### [Problem]
Word for word, restate the lines from the start of the data down to the line with "Definition K66_y (v", both included.

[Data excerpts]
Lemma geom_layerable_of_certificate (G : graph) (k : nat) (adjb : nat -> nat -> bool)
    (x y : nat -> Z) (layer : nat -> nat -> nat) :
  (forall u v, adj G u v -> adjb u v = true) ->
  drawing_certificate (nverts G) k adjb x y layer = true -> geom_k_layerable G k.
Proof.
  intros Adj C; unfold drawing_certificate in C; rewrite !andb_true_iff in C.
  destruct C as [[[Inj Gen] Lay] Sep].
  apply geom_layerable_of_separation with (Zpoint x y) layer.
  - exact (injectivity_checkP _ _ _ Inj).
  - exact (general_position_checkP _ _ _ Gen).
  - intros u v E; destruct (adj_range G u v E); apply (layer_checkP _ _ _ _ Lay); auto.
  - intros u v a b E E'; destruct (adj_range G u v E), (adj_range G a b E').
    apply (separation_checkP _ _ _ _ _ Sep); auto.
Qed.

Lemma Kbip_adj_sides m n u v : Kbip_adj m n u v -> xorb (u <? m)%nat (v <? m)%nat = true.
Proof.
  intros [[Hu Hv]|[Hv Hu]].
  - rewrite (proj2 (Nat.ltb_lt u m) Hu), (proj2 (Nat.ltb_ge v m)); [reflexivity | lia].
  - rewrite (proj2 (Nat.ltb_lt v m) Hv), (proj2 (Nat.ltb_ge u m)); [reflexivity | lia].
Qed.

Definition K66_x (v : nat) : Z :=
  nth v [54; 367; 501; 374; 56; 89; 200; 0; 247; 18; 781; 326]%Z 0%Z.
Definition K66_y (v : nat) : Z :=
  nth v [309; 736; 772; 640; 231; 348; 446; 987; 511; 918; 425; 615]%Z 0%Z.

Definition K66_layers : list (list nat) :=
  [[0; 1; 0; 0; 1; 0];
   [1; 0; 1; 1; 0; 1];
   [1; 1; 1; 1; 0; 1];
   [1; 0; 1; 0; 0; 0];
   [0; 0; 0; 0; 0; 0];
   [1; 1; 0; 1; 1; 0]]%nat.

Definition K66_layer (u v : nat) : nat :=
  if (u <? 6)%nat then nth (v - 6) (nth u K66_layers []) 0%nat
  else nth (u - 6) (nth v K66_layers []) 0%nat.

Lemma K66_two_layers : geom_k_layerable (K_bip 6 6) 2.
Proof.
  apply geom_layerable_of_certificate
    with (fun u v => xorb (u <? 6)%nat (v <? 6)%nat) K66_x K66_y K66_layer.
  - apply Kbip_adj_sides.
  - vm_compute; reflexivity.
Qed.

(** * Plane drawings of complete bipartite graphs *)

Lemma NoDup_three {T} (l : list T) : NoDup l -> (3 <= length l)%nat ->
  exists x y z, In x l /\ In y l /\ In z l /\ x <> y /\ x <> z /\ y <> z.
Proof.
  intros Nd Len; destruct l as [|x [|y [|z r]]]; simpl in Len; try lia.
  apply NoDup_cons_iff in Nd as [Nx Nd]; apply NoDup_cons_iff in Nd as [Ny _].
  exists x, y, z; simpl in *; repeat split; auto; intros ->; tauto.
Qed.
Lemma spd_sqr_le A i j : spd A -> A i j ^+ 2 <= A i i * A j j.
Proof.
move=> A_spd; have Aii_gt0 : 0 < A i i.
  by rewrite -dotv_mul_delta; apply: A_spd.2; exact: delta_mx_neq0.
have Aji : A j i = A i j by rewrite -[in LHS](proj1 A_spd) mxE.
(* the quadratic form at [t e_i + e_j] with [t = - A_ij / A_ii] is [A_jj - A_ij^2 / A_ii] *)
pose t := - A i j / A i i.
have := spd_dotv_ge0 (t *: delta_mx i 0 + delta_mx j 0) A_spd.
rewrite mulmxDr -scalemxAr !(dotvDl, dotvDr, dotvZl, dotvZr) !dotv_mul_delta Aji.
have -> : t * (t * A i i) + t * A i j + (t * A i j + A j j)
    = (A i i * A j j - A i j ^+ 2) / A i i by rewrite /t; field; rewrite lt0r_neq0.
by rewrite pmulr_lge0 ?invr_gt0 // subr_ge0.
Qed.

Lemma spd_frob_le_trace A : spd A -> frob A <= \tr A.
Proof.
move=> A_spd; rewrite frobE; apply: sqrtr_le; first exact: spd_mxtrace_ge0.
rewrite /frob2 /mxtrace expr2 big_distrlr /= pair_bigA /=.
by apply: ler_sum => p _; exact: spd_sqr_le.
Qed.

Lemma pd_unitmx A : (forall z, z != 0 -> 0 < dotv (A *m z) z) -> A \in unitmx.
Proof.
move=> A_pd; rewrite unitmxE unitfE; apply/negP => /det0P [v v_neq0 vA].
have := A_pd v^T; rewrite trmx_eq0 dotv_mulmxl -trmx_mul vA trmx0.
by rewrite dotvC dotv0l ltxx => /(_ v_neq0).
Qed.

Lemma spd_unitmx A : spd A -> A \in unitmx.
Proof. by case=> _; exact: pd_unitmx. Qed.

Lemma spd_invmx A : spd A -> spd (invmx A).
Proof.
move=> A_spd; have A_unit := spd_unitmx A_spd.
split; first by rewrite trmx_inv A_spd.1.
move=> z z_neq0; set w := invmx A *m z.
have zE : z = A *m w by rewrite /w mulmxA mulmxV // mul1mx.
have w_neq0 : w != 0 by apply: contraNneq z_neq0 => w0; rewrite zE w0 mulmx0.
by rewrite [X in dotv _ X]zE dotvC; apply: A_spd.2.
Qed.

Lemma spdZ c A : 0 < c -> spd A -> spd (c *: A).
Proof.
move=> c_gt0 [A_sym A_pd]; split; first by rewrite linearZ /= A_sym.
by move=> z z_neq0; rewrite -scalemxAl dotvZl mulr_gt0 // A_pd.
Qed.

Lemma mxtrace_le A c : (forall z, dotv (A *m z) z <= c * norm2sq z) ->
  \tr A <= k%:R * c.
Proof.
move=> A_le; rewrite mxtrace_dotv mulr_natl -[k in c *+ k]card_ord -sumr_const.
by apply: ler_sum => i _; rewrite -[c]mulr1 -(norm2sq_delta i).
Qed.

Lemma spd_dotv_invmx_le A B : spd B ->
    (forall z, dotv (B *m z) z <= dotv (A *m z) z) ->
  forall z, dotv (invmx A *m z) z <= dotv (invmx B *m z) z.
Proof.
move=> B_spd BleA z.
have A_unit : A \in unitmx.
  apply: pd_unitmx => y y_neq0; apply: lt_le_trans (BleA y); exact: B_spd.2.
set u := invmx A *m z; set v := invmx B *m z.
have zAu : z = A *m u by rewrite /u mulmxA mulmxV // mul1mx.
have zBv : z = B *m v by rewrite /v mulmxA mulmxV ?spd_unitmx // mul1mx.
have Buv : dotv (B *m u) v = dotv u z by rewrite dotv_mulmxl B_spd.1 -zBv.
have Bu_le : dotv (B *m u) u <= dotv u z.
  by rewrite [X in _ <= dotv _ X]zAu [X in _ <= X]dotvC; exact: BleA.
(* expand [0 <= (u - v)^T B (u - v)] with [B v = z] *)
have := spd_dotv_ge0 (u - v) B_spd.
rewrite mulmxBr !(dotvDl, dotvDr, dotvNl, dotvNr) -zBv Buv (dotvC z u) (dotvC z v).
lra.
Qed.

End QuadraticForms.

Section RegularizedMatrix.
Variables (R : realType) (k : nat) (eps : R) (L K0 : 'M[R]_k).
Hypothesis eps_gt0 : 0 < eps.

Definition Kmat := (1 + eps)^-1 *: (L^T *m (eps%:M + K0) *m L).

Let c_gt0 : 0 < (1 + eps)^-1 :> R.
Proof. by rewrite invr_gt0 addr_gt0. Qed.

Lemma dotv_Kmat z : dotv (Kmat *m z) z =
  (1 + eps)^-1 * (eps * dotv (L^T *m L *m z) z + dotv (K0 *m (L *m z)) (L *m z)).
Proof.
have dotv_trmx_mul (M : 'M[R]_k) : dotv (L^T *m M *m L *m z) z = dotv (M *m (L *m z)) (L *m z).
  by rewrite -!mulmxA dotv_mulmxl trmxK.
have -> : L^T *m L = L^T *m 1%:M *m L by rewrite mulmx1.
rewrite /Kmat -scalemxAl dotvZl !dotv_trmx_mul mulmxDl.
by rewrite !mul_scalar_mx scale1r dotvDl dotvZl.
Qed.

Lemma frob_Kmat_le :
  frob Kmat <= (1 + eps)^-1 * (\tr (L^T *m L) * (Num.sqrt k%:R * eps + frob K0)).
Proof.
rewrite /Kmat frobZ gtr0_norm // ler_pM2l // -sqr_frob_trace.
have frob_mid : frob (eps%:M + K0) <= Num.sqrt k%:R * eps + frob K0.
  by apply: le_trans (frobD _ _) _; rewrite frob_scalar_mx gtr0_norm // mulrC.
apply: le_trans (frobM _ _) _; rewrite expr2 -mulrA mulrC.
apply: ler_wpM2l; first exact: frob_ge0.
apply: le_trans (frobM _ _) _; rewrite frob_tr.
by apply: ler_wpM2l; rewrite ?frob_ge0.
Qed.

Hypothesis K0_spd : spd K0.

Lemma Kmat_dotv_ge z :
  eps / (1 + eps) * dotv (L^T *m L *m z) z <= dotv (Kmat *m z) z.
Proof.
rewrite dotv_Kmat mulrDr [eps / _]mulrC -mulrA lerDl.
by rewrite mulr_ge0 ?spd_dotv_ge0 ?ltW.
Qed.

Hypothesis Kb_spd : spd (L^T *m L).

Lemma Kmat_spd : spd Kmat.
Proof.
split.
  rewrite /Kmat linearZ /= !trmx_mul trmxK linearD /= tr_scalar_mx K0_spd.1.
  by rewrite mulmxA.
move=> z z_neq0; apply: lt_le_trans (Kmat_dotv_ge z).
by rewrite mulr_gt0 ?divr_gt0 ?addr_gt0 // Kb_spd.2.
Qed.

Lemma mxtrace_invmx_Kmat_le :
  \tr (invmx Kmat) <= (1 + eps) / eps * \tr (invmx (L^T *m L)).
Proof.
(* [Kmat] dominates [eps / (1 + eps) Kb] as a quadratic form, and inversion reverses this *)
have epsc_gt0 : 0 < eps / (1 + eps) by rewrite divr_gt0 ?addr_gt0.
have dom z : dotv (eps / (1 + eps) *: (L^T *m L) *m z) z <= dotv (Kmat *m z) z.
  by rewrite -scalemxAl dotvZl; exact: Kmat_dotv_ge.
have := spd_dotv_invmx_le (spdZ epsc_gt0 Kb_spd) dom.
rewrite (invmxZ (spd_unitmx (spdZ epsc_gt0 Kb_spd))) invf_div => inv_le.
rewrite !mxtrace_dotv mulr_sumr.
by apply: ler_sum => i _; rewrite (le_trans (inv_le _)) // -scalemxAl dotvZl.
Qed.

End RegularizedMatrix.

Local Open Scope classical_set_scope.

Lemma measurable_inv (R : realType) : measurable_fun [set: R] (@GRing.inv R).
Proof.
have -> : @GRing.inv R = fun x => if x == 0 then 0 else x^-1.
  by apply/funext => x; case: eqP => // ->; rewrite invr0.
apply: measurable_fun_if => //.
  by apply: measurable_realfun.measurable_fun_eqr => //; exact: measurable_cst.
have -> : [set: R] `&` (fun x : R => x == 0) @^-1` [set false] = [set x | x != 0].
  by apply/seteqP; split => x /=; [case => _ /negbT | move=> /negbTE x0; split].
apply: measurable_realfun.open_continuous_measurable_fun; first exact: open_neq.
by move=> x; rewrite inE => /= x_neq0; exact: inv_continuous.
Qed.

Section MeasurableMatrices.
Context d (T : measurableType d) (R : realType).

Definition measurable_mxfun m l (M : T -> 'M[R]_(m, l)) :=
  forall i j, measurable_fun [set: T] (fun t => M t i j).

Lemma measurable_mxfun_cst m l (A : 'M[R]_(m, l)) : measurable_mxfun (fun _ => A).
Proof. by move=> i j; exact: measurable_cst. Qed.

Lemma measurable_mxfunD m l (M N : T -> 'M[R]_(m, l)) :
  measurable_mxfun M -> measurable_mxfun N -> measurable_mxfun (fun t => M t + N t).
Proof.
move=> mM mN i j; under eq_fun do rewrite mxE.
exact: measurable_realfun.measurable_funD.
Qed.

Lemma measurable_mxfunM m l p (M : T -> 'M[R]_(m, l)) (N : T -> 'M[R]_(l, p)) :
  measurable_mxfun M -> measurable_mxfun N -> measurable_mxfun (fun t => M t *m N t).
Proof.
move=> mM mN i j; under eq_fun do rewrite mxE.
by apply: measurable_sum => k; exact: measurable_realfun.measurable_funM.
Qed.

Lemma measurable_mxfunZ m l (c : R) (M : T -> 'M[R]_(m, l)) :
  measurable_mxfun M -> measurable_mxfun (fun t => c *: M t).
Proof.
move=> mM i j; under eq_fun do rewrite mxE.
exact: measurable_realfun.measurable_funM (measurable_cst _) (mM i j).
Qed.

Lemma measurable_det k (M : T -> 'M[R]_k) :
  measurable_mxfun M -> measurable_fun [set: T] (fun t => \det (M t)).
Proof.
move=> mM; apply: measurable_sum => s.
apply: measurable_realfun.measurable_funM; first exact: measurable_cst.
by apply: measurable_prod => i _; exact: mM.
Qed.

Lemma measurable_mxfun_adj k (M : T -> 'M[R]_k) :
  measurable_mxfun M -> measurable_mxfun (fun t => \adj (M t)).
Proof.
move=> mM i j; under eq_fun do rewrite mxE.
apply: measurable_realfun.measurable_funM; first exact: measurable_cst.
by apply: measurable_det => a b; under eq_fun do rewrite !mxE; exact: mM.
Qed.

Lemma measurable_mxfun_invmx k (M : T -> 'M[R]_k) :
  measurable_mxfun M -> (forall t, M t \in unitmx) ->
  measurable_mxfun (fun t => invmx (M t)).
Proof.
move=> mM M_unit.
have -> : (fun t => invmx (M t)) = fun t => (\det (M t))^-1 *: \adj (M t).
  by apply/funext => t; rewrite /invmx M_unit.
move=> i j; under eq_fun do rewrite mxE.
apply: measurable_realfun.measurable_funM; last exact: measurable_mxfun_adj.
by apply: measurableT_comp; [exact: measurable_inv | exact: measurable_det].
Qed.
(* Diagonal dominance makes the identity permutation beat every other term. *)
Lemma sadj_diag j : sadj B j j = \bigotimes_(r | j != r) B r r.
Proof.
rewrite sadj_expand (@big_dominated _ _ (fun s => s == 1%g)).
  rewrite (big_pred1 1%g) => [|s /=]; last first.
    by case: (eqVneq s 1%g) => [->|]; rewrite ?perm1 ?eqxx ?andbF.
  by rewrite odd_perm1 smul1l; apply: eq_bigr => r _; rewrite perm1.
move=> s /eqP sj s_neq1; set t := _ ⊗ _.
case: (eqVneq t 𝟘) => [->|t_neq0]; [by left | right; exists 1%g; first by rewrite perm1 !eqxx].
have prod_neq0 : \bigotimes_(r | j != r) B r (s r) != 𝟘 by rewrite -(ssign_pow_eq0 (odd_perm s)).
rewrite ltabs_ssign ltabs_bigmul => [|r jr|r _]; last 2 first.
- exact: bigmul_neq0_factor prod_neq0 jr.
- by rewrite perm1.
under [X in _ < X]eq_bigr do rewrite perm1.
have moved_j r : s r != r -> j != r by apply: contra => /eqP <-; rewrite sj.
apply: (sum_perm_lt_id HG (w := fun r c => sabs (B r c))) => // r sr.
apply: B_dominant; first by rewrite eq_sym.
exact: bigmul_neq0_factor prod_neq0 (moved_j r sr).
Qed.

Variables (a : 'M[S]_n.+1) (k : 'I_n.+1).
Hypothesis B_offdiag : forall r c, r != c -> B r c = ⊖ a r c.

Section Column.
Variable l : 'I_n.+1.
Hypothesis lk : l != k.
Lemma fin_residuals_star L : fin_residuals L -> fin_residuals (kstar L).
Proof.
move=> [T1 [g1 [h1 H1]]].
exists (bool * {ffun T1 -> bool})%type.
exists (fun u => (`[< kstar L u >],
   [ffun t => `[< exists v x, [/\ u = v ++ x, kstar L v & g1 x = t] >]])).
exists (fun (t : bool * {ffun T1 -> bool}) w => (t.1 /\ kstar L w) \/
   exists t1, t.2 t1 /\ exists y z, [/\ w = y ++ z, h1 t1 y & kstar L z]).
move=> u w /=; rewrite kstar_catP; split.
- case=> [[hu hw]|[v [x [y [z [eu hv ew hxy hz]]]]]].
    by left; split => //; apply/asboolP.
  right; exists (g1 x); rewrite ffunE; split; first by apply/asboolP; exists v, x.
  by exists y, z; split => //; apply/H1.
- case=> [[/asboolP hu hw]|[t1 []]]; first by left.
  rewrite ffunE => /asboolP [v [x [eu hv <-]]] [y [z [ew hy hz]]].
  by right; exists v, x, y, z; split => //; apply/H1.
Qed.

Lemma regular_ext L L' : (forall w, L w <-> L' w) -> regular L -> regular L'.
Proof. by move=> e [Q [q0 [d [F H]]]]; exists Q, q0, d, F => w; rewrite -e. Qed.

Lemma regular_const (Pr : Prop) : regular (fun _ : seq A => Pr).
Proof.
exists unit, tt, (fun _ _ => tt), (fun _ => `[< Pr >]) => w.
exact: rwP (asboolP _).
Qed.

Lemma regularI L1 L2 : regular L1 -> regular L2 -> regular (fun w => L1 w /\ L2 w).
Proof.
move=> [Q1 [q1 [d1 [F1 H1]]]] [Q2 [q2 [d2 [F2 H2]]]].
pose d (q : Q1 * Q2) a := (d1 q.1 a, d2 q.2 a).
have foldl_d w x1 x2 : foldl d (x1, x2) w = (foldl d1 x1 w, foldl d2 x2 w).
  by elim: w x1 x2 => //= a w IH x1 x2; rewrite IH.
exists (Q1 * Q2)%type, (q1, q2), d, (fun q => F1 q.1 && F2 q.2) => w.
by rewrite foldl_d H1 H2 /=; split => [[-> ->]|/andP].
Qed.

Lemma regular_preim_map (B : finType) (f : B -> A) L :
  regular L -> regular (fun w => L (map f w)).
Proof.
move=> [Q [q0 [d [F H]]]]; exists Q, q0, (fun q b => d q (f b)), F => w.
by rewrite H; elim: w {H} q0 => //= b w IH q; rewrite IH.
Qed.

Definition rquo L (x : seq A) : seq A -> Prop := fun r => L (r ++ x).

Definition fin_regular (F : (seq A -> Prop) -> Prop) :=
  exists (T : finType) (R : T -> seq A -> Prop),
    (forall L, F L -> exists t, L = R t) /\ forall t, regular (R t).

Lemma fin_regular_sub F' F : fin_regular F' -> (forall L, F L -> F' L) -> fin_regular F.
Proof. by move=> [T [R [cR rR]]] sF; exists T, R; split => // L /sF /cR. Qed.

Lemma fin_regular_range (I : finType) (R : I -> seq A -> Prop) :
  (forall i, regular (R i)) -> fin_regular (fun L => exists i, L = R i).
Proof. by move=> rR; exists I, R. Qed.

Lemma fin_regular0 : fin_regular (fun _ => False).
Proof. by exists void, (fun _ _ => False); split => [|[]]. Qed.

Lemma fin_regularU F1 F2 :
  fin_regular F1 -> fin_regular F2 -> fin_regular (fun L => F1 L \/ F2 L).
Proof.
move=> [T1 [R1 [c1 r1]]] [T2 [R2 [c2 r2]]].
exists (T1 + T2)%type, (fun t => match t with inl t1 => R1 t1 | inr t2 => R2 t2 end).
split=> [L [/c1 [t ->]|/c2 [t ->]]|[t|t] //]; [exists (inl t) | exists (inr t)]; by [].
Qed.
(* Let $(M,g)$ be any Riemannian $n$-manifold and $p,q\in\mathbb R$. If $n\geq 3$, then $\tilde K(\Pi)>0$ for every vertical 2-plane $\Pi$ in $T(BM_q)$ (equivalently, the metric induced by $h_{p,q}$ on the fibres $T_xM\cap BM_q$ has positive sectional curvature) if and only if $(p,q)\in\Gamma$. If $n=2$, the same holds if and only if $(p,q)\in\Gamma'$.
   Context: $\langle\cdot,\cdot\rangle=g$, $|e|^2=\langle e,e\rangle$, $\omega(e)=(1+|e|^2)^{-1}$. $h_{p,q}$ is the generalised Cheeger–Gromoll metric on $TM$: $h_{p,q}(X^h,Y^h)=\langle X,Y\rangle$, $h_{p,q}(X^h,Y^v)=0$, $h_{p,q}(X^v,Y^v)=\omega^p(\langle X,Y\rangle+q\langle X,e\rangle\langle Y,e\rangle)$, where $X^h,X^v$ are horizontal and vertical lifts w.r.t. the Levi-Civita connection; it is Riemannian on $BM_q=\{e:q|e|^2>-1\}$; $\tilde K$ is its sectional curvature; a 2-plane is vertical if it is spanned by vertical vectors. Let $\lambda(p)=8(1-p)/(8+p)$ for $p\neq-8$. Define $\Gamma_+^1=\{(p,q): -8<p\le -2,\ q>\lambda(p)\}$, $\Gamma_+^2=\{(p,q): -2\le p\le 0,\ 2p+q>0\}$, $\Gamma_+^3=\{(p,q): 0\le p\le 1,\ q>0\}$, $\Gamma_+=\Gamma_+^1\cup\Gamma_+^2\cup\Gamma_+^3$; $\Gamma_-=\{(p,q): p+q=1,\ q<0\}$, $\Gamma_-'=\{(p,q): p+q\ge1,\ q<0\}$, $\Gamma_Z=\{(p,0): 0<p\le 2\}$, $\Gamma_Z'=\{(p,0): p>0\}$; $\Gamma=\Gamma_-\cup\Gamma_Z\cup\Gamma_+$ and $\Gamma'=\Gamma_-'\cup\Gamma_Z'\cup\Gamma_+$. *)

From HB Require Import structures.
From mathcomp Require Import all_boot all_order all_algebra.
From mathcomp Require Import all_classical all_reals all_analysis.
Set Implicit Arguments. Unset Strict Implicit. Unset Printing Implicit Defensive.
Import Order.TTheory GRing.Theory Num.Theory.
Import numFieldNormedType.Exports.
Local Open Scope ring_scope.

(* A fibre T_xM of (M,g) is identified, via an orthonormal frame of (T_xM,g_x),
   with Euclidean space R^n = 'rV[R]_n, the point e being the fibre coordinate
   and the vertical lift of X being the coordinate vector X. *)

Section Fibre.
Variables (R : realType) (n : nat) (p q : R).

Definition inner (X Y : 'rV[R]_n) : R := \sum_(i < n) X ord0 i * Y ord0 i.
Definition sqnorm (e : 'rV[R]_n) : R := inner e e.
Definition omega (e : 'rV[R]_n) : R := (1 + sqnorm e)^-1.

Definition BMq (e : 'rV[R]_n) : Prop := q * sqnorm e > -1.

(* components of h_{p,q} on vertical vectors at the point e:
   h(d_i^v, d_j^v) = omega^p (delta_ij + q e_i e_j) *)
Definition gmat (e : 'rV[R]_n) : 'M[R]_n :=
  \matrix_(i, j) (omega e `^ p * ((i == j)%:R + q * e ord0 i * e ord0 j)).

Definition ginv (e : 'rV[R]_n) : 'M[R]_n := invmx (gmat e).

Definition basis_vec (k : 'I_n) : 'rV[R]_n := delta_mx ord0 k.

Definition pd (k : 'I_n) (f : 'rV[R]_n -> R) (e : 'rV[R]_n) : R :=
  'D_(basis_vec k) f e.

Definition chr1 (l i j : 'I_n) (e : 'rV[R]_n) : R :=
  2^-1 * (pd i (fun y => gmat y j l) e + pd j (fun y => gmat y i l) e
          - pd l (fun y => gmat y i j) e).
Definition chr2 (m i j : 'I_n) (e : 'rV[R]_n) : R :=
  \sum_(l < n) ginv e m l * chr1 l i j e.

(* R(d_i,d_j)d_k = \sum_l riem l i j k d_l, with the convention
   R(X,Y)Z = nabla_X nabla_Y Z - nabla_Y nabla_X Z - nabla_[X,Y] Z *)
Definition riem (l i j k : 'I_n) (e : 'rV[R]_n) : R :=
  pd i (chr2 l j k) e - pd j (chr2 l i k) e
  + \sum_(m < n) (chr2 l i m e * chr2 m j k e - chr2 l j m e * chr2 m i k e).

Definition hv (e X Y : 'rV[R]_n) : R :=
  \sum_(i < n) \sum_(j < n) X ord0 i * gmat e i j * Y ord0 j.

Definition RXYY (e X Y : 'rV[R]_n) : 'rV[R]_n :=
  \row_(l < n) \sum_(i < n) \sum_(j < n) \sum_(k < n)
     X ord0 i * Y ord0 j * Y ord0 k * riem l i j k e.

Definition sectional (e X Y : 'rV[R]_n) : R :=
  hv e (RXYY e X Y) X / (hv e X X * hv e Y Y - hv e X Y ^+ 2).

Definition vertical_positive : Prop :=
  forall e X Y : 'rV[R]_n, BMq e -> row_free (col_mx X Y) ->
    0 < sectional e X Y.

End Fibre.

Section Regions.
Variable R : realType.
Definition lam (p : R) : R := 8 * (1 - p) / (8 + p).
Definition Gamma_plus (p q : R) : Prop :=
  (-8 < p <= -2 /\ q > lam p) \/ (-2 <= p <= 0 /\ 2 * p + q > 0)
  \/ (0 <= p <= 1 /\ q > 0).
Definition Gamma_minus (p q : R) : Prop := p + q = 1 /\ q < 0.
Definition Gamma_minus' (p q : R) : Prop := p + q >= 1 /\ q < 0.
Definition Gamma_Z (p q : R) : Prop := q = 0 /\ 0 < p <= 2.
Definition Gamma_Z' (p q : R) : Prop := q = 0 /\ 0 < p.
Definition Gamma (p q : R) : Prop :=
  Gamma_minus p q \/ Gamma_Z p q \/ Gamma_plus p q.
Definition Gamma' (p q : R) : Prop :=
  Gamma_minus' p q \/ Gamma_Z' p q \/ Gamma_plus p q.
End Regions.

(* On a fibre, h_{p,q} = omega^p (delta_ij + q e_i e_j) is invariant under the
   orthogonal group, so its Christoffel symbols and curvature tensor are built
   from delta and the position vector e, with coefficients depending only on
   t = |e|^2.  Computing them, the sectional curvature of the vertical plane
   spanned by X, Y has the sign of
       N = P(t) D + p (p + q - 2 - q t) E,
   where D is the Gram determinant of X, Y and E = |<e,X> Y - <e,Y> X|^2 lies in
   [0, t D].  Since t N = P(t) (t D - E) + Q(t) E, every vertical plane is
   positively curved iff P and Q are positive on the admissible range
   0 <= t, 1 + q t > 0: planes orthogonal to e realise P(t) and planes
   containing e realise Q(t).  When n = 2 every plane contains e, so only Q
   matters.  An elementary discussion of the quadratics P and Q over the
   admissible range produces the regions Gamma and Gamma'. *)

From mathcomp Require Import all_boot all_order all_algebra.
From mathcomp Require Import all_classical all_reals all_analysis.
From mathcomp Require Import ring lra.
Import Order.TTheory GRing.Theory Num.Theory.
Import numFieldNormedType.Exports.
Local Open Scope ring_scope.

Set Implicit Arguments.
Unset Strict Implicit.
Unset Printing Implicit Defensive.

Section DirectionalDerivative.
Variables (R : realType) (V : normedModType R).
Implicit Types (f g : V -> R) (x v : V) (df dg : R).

### [Answer to this problem]
Lemma geom_layerable_of_certificate (G : graph) (k : nat) (adjb : nat -> nat -> bool)
    (x y : nat -> Z) (layer : nat -> nat -> nat) :
  (forall u v, adj G u v -> adjb u v = true) ->
  drawing_certificate (nverts G) k adjb x y layer = true -> geom_k_layerable G k.
Proof.
  intros Adj C; unfold drawing_certificate in C; rewrite !andb_true_iff in C.
  destruct C as [[[Inj Gen] Lay] Sep].
  apply geom_layerable_of_separation with (Zpoint x y) layer.
  - exact (injectivity_checkP _ _ _ Inj).
  - exact (general_position_checkP _ _ _ Gen).
  - intros u v E; destruct (adj_range G u v E); apply (layer_checkP _ _ _ _ Lay); auto.
  - intros u v a b E E'; destruct (adj_range G u v E), (adj_range G a b E').
    apply (separation_checkP _ _ _ _ _ Sep); auto.
Qed.

Lemma Kbip_adj_sides m n u v : Kbip_adj m n u v -> xorb (u <? m)%nat (v <? m)%nat = true.
Proof.
  intros [[Hu Hv]|[Hv Hu]].
  - rewrite (proj2 (Nat.ltb_lt u m) Hu), (proj2 (Nat.ltb_ge v m)); [reflexivity | lia].
  - rewrite (proj2 (Nat.ltb_lt v m) Hv), (proj2 (Nat.ltb_ge u m)); [reflexivity | lia].
Qed.

Definition K66_x (v : nat) : Z :=
  nth v [54; 367; 501; 374; 56; 89; 200; 0; 247; 18; 781; 326]%Z 0%Z.
Definition K66_y (v : nat) : Z :=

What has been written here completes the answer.